Saved data entries
*** Begin section ***
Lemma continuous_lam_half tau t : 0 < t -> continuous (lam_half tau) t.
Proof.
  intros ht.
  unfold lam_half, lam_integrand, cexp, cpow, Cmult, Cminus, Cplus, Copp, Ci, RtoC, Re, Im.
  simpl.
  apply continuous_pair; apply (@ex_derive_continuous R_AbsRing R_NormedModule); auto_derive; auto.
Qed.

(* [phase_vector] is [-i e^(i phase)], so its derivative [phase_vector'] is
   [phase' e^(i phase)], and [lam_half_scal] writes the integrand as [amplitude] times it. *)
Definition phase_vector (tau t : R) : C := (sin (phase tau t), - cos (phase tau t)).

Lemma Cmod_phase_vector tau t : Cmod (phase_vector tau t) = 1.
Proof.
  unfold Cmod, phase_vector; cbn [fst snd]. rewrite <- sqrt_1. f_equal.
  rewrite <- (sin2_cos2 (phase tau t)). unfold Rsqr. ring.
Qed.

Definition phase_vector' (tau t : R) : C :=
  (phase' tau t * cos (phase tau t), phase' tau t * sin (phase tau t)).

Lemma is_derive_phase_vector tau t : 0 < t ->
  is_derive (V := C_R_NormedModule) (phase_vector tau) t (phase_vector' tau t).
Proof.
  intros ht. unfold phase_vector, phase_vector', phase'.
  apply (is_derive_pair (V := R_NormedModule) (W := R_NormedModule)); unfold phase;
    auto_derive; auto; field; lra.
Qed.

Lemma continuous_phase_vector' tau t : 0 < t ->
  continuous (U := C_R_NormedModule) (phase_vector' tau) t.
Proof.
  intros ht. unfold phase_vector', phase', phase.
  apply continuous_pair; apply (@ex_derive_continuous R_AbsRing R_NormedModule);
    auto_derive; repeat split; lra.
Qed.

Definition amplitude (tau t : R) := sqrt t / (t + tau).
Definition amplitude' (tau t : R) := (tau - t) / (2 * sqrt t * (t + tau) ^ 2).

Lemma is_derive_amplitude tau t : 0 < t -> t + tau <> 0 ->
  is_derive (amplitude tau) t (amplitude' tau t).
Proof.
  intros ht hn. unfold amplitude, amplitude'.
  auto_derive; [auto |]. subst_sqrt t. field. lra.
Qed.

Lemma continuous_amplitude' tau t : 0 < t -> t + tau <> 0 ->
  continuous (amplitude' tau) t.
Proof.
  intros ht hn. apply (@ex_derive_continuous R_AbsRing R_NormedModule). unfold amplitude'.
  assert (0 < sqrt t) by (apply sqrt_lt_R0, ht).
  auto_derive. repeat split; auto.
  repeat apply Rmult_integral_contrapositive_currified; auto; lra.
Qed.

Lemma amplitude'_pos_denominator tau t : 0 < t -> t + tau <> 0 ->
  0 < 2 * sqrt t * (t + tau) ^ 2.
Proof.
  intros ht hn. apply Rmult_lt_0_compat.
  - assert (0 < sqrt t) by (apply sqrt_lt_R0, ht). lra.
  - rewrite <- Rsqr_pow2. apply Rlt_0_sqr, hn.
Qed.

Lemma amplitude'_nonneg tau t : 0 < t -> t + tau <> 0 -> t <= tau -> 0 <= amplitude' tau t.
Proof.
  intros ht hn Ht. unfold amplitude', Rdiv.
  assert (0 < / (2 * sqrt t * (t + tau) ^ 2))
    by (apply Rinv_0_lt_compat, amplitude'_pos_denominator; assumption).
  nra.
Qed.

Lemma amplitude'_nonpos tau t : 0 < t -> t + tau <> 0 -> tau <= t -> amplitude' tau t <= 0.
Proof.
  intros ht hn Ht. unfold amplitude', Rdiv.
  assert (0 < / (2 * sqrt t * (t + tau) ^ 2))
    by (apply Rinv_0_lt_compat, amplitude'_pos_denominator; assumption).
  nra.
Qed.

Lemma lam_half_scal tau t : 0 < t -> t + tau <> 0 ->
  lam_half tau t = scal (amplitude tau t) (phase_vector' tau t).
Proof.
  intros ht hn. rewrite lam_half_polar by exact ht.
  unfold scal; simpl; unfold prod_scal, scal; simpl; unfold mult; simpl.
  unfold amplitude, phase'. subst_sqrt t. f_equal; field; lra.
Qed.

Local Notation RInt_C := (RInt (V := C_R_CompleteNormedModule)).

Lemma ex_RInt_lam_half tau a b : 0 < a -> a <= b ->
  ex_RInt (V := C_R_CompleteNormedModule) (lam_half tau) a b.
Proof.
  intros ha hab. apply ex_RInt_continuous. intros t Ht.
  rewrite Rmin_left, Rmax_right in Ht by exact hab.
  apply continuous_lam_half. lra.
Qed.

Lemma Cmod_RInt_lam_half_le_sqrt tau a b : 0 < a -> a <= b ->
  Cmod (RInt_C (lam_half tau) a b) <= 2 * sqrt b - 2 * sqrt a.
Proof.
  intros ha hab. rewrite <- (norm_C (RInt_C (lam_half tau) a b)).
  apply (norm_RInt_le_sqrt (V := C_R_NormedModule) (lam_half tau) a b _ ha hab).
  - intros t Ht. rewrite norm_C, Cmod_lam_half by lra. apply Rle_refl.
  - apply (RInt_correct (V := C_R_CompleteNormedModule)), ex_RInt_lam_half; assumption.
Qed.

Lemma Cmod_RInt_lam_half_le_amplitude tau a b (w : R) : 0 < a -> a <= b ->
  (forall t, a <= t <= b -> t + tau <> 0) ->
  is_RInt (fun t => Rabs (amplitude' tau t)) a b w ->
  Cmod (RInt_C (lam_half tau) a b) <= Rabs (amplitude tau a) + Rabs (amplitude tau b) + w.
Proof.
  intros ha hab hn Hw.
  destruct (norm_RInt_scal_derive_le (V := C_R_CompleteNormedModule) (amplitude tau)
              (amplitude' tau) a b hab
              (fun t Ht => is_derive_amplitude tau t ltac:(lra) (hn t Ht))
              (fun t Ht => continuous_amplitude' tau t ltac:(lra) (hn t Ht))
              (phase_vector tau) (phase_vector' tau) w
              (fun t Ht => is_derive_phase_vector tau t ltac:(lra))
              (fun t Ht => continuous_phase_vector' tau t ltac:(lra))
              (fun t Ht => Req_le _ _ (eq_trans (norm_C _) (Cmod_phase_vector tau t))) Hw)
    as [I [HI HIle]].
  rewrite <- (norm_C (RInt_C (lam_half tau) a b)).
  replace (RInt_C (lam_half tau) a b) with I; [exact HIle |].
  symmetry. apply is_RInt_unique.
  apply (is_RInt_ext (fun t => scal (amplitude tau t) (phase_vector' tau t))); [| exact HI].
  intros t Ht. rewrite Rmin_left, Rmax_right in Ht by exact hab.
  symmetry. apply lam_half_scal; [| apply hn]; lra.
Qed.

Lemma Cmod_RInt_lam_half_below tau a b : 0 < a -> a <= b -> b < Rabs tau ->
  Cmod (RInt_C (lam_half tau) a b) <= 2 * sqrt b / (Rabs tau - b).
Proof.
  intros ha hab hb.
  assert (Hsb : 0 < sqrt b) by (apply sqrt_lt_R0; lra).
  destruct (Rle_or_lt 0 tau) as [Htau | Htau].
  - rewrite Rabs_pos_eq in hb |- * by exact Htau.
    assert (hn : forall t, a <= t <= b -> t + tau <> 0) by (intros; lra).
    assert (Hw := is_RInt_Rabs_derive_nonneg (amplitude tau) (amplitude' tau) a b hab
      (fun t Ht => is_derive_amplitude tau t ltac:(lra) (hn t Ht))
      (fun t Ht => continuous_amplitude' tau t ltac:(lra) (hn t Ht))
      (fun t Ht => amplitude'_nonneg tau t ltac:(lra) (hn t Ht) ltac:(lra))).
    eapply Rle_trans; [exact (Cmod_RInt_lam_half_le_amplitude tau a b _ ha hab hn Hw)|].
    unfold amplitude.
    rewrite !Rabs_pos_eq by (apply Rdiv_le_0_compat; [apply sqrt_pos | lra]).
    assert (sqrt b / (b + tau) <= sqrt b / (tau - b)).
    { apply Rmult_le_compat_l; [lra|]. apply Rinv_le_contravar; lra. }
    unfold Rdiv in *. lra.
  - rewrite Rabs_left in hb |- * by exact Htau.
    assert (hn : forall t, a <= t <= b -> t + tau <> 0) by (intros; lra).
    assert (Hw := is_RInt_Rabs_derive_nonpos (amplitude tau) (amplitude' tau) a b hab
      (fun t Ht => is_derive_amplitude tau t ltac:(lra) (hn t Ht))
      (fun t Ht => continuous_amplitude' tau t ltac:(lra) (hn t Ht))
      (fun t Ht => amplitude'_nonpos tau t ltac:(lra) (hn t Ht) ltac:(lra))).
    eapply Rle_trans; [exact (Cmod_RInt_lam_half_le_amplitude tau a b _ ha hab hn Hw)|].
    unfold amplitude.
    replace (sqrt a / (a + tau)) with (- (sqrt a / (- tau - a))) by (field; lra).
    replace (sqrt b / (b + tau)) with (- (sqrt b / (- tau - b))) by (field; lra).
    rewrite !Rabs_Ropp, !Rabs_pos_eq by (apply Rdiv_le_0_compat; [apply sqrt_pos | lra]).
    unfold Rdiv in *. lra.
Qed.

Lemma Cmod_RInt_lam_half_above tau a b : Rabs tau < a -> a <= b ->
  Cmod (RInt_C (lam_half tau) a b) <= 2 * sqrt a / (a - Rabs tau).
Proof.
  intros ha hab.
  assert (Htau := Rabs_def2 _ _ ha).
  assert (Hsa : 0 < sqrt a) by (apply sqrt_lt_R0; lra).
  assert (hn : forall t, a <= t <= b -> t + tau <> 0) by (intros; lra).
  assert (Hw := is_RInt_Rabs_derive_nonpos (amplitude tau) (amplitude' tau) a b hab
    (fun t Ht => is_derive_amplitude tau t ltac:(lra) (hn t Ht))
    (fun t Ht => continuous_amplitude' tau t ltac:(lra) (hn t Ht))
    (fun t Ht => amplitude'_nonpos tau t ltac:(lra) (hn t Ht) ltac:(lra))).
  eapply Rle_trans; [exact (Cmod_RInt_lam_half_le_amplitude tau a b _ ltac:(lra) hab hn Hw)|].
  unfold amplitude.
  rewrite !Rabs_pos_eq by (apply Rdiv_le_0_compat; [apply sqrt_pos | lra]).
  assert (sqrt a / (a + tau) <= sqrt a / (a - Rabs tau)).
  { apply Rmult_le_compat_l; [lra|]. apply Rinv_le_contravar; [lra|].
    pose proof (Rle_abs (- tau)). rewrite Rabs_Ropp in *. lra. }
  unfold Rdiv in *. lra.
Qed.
*** End section ***
*** Begin section ***
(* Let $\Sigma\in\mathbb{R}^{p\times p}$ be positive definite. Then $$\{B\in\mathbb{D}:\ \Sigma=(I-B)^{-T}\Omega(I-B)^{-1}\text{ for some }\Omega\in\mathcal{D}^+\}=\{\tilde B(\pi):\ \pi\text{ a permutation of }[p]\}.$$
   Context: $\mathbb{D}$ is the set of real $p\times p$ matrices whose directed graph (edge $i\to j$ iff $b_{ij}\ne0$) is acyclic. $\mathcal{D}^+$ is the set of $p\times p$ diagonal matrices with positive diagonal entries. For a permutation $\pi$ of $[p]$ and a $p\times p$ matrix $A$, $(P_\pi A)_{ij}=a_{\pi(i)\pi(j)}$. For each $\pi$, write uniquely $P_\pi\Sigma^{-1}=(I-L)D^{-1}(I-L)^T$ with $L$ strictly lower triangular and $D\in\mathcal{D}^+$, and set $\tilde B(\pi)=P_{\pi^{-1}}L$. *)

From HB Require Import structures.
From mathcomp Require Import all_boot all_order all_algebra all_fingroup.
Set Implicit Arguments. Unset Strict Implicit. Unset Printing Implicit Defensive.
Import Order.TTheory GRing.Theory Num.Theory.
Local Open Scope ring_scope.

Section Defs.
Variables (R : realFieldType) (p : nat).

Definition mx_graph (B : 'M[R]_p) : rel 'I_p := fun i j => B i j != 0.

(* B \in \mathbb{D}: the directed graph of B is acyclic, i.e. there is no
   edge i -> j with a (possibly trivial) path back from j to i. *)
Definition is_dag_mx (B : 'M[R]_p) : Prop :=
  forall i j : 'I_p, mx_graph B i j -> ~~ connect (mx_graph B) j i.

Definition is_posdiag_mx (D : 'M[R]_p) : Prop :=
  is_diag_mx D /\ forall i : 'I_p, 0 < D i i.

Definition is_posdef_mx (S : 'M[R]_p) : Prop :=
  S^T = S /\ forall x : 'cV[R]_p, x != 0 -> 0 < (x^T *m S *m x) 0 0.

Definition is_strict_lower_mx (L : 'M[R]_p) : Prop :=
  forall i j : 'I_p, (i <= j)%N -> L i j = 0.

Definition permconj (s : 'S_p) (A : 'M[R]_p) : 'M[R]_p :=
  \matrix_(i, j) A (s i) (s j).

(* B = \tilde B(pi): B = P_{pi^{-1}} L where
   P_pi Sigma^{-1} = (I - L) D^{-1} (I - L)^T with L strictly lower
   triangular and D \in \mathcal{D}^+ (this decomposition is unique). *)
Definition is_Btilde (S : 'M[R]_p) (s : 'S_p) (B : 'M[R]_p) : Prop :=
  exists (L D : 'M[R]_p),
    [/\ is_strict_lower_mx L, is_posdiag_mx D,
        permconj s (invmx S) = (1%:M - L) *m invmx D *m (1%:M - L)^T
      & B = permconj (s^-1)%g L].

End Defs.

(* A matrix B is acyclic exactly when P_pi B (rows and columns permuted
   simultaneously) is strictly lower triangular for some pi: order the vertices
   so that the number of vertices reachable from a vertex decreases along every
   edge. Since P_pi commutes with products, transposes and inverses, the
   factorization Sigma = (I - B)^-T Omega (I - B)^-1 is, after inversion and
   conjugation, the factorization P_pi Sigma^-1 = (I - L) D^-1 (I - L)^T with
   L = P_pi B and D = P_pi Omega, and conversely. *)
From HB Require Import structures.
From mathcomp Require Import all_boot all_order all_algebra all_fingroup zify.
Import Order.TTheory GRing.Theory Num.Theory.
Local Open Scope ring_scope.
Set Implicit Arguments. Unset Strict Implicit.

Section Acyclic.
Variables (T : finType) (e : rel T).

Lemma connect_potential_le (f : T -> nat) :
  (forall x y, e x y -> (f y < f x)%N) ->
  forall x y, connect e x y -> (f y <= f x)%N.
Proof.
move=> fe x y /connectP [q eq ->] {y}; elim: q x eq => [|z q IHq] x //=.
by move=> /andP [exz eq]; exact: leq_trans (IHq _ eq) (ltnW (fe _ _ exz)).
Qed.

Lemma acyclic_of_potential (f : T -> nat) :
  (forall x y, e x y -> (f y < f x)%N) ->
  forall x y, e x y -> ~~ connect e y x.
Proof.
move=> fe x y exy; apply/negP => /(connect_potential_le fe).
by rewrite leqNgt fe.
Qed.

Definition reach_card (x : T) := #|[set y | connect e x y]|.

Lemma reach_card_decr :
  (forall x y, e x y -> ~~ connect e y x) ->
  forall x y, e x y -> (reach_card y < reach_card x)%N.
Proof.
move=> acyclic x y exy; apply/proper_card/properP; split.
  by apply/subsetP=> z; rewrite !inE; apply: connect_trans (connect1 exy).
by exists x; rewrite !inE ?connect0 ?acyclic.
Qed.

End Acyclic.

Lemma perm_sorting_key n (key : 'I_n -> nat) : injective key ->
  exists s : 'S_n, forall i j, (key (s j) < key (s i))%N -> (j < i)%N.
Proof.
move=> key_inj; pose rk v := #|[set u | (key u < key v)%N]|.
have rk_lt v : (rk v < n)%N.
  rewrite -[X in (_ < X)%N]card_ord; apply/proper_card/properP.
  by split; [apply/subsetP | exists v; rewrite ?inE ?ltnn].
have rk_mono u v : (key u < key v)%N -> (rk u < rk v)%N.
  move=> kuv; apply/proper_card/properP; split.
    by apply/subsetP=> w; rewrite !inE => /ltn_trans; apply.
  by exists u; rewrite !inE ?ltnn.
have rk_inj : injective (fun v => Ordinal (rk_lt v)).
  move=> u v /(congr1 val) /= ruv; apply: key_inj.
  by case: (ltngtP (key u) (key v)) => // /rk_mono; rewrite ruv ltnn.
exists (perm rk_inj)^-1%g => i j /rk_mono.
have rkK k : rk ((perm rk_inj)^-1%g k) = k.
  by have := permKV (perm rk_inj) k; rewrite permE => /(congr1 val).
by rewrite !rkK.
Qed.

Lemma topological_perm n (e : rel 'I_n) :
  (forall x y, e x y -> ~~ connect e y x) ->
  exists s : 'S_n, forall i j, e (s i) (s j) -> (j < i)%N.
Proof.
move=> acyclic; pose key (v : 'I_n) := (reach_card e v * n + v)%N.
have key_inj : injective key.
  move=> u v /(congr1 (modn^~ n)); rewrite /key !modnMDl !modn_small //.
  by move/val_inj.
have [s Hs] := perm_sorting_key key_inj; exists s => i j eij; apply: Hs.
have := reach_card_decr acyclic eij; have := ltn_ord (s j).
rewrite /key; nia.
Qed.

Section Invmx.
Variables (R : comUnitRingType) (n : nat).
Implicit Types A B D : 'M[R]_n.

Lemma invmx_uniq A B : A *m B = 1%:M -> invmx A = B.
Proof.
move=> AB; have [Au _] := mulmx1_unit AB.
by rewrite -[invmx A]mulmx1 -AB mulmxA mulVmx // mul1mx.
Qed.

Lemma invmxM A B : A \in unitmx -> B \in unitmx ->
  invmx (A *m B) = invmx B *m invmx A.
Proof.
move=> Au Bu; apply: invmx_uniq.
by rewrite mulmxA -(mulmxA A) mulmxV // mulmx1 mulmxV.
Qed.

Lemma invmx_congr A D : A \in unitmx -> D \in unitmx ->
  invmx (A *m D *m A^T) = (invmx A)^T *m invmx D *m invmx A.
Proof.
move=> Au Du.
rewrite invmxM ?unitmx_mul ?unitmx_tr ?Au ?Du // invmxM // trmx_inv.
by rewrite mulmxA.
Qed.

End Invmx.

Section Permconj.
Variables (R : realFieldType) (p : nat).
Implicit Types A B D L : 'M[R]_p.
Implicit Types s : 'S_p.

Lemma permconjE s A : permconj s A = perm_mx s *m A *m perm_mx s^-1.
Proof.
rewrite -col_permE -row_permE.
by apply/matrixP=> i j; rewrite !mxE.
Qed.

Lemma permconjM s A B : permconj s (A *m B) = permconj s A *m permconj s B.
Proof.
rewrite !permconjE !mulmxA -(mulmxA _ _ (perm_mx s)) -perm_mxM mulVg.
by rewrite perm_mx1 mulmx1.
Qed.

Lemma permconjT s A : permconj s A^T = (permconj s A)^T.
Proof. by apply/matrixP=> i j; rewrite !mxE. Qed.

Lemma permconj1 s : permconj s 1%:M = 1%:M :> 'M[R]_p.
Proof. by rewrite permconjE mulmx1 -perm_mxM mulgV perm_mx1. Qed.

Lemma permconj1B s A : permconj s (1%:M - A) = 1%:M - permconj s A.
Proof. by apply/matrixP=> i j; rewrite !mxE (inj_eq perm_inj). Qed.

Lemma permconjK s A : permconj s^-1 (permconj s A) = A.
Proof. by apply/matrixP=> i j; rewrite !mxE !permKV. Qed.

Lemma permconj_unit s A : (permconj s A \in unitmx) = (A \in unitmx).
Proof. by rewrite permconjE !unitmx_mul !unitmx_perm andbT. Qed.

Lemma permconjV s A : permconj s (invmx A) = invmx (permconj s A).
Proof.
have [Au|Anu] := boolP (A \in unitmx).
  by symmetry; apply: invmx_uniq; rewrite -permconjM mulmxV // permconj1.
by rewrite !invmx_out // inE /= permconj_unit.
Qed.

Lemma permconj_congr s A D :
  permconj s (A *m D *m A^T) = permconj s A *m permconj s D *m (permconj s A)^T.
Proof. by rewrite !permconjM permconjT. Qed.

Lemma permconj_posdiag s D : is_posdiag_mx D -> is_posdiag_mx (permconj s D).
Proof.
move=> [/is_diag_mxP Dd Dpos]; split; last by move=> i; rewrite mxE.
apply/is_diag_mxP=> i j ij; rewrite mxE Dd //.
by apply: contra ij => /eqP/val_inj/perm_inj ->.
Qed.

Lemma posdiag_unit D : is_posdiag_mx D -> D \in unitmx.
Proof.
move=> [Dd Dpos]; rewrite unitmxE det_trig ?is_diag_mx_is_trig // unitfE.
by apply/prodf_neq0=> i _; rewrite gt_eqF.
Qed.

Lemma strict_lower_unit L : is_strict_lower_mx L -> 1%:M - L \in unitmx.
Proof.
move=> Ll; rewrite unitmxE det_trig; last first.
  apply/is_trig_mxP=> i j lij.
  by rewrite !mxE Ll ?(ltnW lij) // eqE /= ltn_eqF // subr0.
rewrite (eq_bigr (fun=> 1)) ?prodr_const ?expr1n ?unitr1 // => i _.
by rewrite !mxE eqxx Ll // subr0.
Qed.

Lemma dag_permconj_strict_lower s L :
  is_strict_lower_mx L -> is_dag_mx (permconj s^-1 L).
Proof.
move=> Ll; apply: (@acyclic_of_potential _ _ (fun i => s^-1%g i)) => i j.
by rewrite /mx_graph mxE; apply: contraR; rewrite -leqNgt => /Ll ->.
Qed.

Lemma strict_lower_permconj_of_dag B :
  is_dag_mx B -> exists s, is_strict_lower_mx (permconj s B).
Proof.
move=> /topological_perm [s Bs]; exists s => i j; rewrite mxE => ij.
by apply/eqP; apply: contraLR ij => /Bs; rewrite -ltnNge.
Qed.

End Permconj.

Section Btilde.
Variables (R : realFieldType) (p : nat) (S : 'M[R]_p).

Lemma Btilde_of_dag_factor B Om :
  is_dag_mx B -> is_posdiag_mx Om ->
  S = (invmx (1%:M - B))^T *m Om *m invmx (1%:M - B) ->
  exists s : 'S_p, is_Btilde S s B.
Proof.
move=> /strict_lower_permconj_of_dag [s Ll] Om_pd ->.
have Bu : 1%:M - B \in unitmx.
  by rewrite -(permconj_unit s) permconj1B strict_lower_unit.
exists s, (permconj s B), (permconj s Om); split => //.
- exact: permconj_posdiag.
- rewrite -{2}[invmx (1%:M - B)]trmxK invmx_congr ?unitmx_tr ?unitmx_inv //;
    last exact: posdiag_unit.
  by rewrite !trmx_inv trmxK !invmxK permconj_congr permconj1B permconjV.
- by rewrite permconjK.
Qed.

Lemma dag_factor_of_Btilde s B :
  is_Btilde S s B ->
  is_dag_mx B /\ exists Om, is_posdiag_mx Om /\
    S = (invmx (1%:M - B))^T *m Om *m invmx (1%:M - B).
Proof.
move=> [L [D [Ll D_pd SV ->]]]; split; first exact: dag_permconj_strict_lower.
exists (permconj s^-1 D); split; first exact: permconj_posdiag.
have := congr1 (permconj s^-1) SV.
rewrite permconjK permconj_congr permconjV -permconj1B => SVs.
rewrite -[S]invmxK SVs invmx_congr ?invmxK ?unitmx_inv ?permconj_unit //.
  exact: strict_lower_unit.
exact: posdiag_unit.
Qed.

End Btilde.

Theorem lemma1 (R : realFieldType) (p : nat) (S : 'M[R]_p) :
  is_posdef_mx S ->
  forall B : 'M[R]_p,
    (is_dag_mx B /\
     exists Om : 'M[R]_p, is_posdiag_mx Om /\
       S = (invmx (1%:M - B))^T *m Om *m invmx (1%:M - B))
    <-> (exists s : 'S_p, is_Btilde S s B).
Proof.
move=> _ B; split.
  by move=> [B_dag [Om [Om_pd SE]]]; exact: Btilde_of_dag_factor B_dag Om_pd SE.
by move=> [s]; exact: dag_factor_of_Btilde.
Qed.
*** End section ***
▶ _Work item_
Keeping every character as it is, restate the lines above that run from the line with "edge i -> j" through the line with "forall i j : 'I_p, (i <= j)%N -> L i j = 0.", both included, and nothing else.

▶ _Finished task_
   edge i -> j with a (possibly trivial) path back from j to i. *)
Definition is_dag_mx (B : 'M[R]_p) : Prop :=
  forall i j : 'I_p, mx_graph B i j -> ~~ connect (mx_graph B) j i.

Definition is_posdiag_mx (D : 'M[R]_p) : Prop :=
  is_diag_mx D /\ forall i : 'I_p, 0 < D i i.

Definition is_posdef_mx (S : 'M[R]_p) : Prop :=
  S^T = S /\ forall x : 'cV[R]_p, x != 0 -> 0 < (x^T *m S *m x) 0 0.

Definition is_strict_lower_mx (L : 'M[R]_p) : Prop :=
  forall i j : 'I_p, (i <= j)%N -> L i j = 0.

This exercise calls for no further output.